# ROFL! Gag commercial for Toyota Prius slot cars



## ParkRNDL (Mar 20, 2002)

I haven't been around much lately (hope to get back more once school lets out) so I don't know if anyone posted this yet, but I came across it and HAD to post here--it's HILARIOUS.






--rick


----------



## plymouth71 (Dec 14, 2009)

THAT is Funny! speaking of the Prius, have you heard Jeff Dunhams bit on the Prius? That is hilarious. (my apologies to prius owners)


----------



## Joe65SkylarkGS (Feb 15, 2010)

Good stuff Rick.
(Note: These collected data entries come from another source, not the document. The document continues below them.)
Lemma norm_labs x : `|labs L x| <= `|x|.
Proof.
apply: bl_norm; apply: bl_join_lub; first exact: bl_refl.
by apply: bl_trans (labs_ge0 x); apply: bl_oppr_le0; apply: labs_ge0.
Qed.

Lemma norm_lpos x : `|lpos L x| <= `|x|.
Proof.
apply: bl_norm; apply: bl_join_lub.
  by apply: bl_join_lub; [apply: bl_join_ubl|apply: labs_ge0].
by apply: bl_trans (bl_oppr_le0 (lpos_ge0 x)) _; apply: labs_ge0.
Qed.

Lemma norm_lneg x : `|lneg L x| <= `|x|.
Proof.
apply: bl_norm; apply: bl_join_lub.
  by apply: bl_join_lub; [apply: bl_join_ubr|apply: labs_ge0].
by apply: bl_trans (bl_oppr_le0 (lneg_ge0 x)) _; apply: labs_ge0.
Qed.

(* The witness is the infimum [u1 = inf(u, x) = - sup(- u, - x)]. *)
Lemma bl_riesz_decomposition u x y : le 0 u -> le 0 x -> le 0 y ->
  le 0 (x + y - u) ->
  exists u1, [/\ le 0 u1, le 0 (x - u1), le 0 (u - u1) & le 0 (y - (u - u1))].
Proof.
move=> u0 x0 y0 h; exists (- jn (- u) (- x)); rewrite !opprK.
have -> : x + jn (- u) (- x) = jn (x - u) 0 by rewrite addrC bl_joinDl addNr addrC.
have -> : u + jn (- u) (- x) = jn 0 (u - x) by rewrite addrC bl_joinDl addNr addrC.
split; [|exact: bl_join_ubr|exact: bl_join_ubl|].
  by rewrite -oppr0; apply: bl_leN; apply: bl_join_lub; apply: bl_oppr_le0.
apply/(bl_subr_ge0 (jn 0 (u - x))); apply: bl_join_lub => //.
apply/(bl_subr_ge0 (u - x)).
by rewrite opprB addrA [y + x]addrC.
Qed.

End BanachLatticeFacts.

Arguments bl_subr_ge0 {R E L} x y.
Arguments labs_le {R E L} z x.

Section DualFunctionals.
Variables (R : realType) (E : normedModType R).
Implicit Types (f g : E -> R) (phi psi : (E -> R) -> R).

Lemma dual_linear f : in_dual f -> forall a x y, f (a *: x + y) = a * f x + f y.
Proof. by case. Qed.

Lemma dual_linearD f x y : in_dual f -> f (x + y) = f x + f y.
Proof. by move=> /dual_linear H; have := H 1 x y; rewrite scale1r mul1r. Qed.

Lemma dual_linear0 f : in_dual f -> f 0 = 0.
Proof. by move=> H; apply: (@addrI _ (f 0)); rewrite -dual_linearD // !addr0. Qed.

Lemma dual_linearZ f a x : in_dual f -> f (a *: x) = a * f x.
Proof. by move=> H; have := dual_linear H a x 0; rewrite !addr0 dual_linear0 ?addr0. Qed.

Lemma dual_linearB f x y : in_dual f -> f (x - y) = f x - f y.
Proof. by move=> H; rewrite dual_linearD // -scaleN1r dual_linearZ // mulN1r. Qed.

Lemma dual_bounded f : in_dual f ->
  exists C, 0 <= C /\ forall x, `|f x| <= C * `|x|.
Proof.
case=> _ [C HC]; exists (Num.max C 0); split=> [|x]; first by rewrite le_max lexx orbT.
by apply: le_trans (HC x) _; apply: ler_wpM2r => //; rewrite le_max lexx.
Qed.

Lemma in_dual0 : in_dual (fun _ : E => 0 : R).
Proof.
split; first by move=> a x y; rewrite /GRing.scale /= mulr0 addr0.
by exists 0 => x; rewrite normr0 mul0r.
Qed.

Lemma in_dual_comb f g a : in_dual f -> in_dual g ->
  in_dual (fun x => a * f x + g x).
Proof.
move=> Hf Hg; split.
  by move=> c x y; rewrite (dual_linear Hf) (dual_linear Hg) /GRing.scale /=; ring.
have [Cf [Cf0 HCf]] := dual_bounded Hf; have [Cg [Cg0 HCg]] := dual_bounded Hg.
exists (`|a| * Cf + Cg) => x; apply: le_trans (ler_normD _ _) _.
by rewrite normrM mulrDl -mulrA; apply: lerD => //; apply: ler_wpM2l.
Qed.

Lemma in_dualZ f a : in_dual f -> in_dual (fun x => a * f x).
Proof.
move=> Hf; have := in_dual_comb a Hf in_dual0.
by congr in_dual; apply: funext => x; rewrite addr0.
Qed.

Lemma in_dualD f g : in_dual f -> in_dual g -> in_dual (fun x => f x + g x).
Proof.
move=> Hf Hg; have := in_dual_comb 1 Hf Hg.
by congr in_dual; apply: funext => x; rewrite mul1r.
Qed.

Lemma in_dualB f g : in_dual f -> in_dual g -> in_dual (fun x => f x - g x).
Proof.
move=> Hf Hg; have := in_dual_comb (-1) Hg Hf.
by congr in_dual; apply: funext => x; rewrite mulN1r addrC.
Qed.

Lemma dual_norm_ge0 f : in_dual f -> 0 <= dual_norm f.
Proof.
move=> Hf; have [C [C0 HC]] := dual_bounded Hf.
apply: (@le_trans _ _ `|f 0|); first by rewrite dual_linear0.
apply: ub_le_sup; last by exists 0 => //=; rewrite normr0.
exists C => _ [z /= z1 <-]; apply: le_trans (HC z) _.
by rewrite -[leRHS]mulr1; apply: ler_wpM2l.
Qed.
(* Let $q_1,q_2,q_3,q_4\in\widehat{\mathbb H}$ be four distinct points and let $q'_1,q'_2,q'_3\in\widehat{\mathbb H}$ be three distinct points. Then the set $$S=\{\pi(\gamma)(q_4):\gamma\in GL(2,\mathbb H),\ \pi(\gamma)(q_n)=q'_n,\ n=1,2,3\}\subset\widehat{\mathbb H}$$ is either a 2-sphere, a 2-plane, or a single point. Moreover, $S$ is a single point if and only if $Q(q_1,q_2,q_3,q_4)$ is real.
   Context: $\mathbb H$ denotes the quaternions, $\widehat{\mathbb H}=\mathbb H\cup\{\infty\}$, identified with $\mathbb R^4$ plus a point at infinity (2-spheres and 2-planes are meant in $\mathbb H\cong\mathbb R^4$). $GL(2,\mathbb H)$ acts on $\widehat{\mathbb H}$ by $\pi(\gamma)(q)=(aq+b)(cq+d)^{-1}$ for $\gamma=\begin{pmatrix}a&b\\c&d\end{pmatrix}$. For four distinct points the cross-ratio is $Q(q_1,q_2,q_3,q_4)=(q_2-q_1)^{-1}(q_4-q_1)(q_4-q_3)^{-1}(q_2-q_3)$, defined by taking limits if some $q_n=\infty$. *)

From HB Require Import structures.
From mathcomp Require Import all_boot all_order all_algebra.
From mathcomp Require Import reals.
Set Implicit Arguments.
Unset Strict Implicit.
Unset Printing Implicit Defensive.
Import Order.TTheory GRing.Theory Num.Theory.
Local Open Scope ring_scope.

Section Quaternions.
Variable R : realType.

(** Quaternions H, identified with R^4 (row vectors): q = q0 + q1 i + q2 j + q3 k. *)
Definition quat := 'rV[R]_4.

Definition qmk (a b c d : R) : quat := \row_(i < 4) nth 0 [:: a; b; c; d] i.
Definition qc (q : quat) (k : nat) : R := q ord0 (inord k).

Definition qmul (p q : quat) : quat :=
  let a1 := qc p 0 in let b1 := qc p 1 in let c1 := qc p 2 in let d1 := qc p 3 in
  let a2 := qc q 0 in let b2 := qc q 1 in let c2 := qc q 2 in let d2 := qc q 3 in
  qmk (a1*a2 - b1*b2 - c1*c2 - d1*d2)
      (a1*b2 + b1*a2 + c1*d2 - d1*c2)
      (a1*c2 - b1*d2 + c1*a2 + d1*b2)
      (a1*d2 + b1*c2 - c1*b2 + d1*a2).

Definition qone : quat := qmk 1 0 0 0.
Definition qconj (q : quat) : quat := qmk (qc q 0) (- qc q 1) (- qc q 2) (- qc q 3).
Definition qnorm2 (q : quat) : R := \sum_(i < 4) q ord0 i ^+ 2.
Definition qinv (q : quat) : quat := (qnorm2 q)^-1 *: qconj q.
Definition qreal (q : quat) : Prop := qc q 1 = 0 /\ qc q 2 = 0 /\ qc q 3 = 0.

(** widehat H = H ∪ {∞}, with None = ∞ *)
Definition hpoint := option quat.

Record qmat := QMat { ma : quat; mb : quat; mc : quat; md : quat }.
(* Let $H$ be a complex Hilbert space and $\mathcal S(H)$ the set of bounded self-adjoint operators on $H$ with the logical order $\preceq$. For every pair $A,B \in \mathcal S(H)$, the set $\{P_C : C \in \mathcal S(H),\ C \preceq A \text{ and } C \preceq B\}$ has a maximum element (with respect to the usual order of projections), the meet $A \curlywedge B$ of $A$ and $B$ in $(\mathcal S(H),\preceq)$ exists, and \[ A \curlywedge B = B\big(\max\{P_C : C \preceq A \text{ and } C \preceq B\}\big). \]
   Context: For $C \in \mathcal S(H)$, $P_C$ denotes the orthogonal projection onto the closure of the range of $C$; projections are ordered by $P_1 \le P_2$ iff $P_1P_2 = P_1$. The logical order: $A \preceq B$ iff $B = A + D$ for some $D \in \mathcal S(H)$ with $AD = O$; equivalently $A = BP_A$. Juxtaposition denotes operator composition. *)

From HB Require Import structures.
From mathcomp Require Import all_boot all_order all_algebra.
From mathcomp Require Import reals.
From mathcomp Require Import complex.
Set Implicit Arguments. Unset Strict Implicit. Unset Printing Implicit Defensive.
Import Order.TTheory GRing.Theory Num.Theory.
Local Open Scope ring_scope.
Local Open Scope complex_scope.

Section Hilbert.
Variables (R : realType) (V : lmodType R[i]) (ip : V -> V -> R[i]).

Definition hnorm (x : V) : R := Num.sqrt (complex.Re (ip x x)).
Lemma phase_flip y t :
  let a := lift4 (d 0 t) + 2 * lift4 (J t t) in
  phase (y + delta_mx 0 t) =
  phase y + (if y 0 t == 0 then a else - a) + 2 * lift4 ((y *m (symB J)^T) 0 t).
Proof.
move=> a; set sgn := 1 - 2 * lift4 (y 0 t).
have sign : lift4 (d 0 t) * sgn + 2 * lift4 (J t t) = if y 0 t == 0 then a else - a.
  rewrite /sgn /a; case: (F2_01 (y 0 t)) => -> /=; first by rewrite mulr0 subr0 mulr1.
  by rewrite (_ : lift4 1 = 1) // [RHS]opprD [in RHS]Z4_opp_double; ring.
have cross : 2 * (sgn * \sum_j (lift4 (J t j) + lift4 (J j t)) * lift4 (y 0 j)) =
             2 * lift4 ((y *m (symB J)^T) 0 t).
  rewrite mulrA Z4_sign_double mxE double_lift4_sum mulr_sumr.
  by apply: eq_bigr => j _; rewrite mulrA double_lift4_symB [_^T _ _]mxE lift4M; ring.
rewrite {1}/phase map_lift4_flip dot_add_delta qform_add_delta Z4_sign_sqr mul1r.
have lifted_sum : \sum_j ((map_mx lift4 J) t j + (map_mx lift4 J) j t) * (map_mx lift4 y) 0 j
    = \sum_j (lift4 (J t j) + lift4 (J j t)) * lift4 (y 0 j).
  by apply: eq_bigr => j _; rewrite !mxE.
by rewrite [(map_mx _ J) t t]mxE lifted_sum -sign -cross /phase /sgn; ring.
Qed.
End Phase.

Lemma expr_i_mod4 (C : numClosedFieldType) N : 'i ^+ (N %% 4) = 'i ^+ N :> C.
Proof.
rewrite [in RHS](divn_eq N 4) exprD mulnC exprM.
by rewrite (_ : 4 = 2 * 2)%N // exprM sqrCi sqrrN !expr1n mul1r.
Qed.

Lemma val_Z4_nat N : val (N%:R : 'Z_4) = (N %% 4)%N.
Proof. exact: val_Zp_nat. Qed.

Section Procedure.
Variables (C : numClosedFieldType) (n k : nat) (h : 'rV['F_2]_n)
  (Vm : 'M['F_2]_(k, n)) (d : 'rV['F_2]_k) (J : 'M['F_2]_k) (gamma : C).
Hypotheses (Vm_free : row_free Vm) (J_upper : forall i j : 'I_k, (j < i)%N -> J i j = 0).
Implicit Types (y : 'rV['F_2]_k) (s : state C) (psi : nat -> C).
Glad to see your just busy.

We will be here when your ready to start in again bud. :thumbsup:


----------



## tjetsgrig (Nov 1, 2009)

plymouth71 said:


> (my apologies to prius owners)


Don't apologize...........


----------



## bobwoodly (Aug 25, 2008)

I believe the correct name for this car is the Pious


----------



## win43 (Aug 28, 2006)

ROTFLMAO


----------



## philo426 (Mar 4, 2009)

How boring would that be?It is funny though!


----------



## ctsvowner (Aug 9, 2010)

Please everyone go buy a Hybrid, I need the gas for my Fleetwood.


----------



## Joe65SkylarkGS (Feb 15, 2010)

ctsvowner said:


> Please everyone go buy a Hybrid, I need the gas for my Fleetwood.




Now that is freaking funny!!!!!

Thanks Dave!!!!!!


----------



## Slott V (Feb 3, 2005)

My car is a hybrid- it burns gas and rubber! :dude:


----------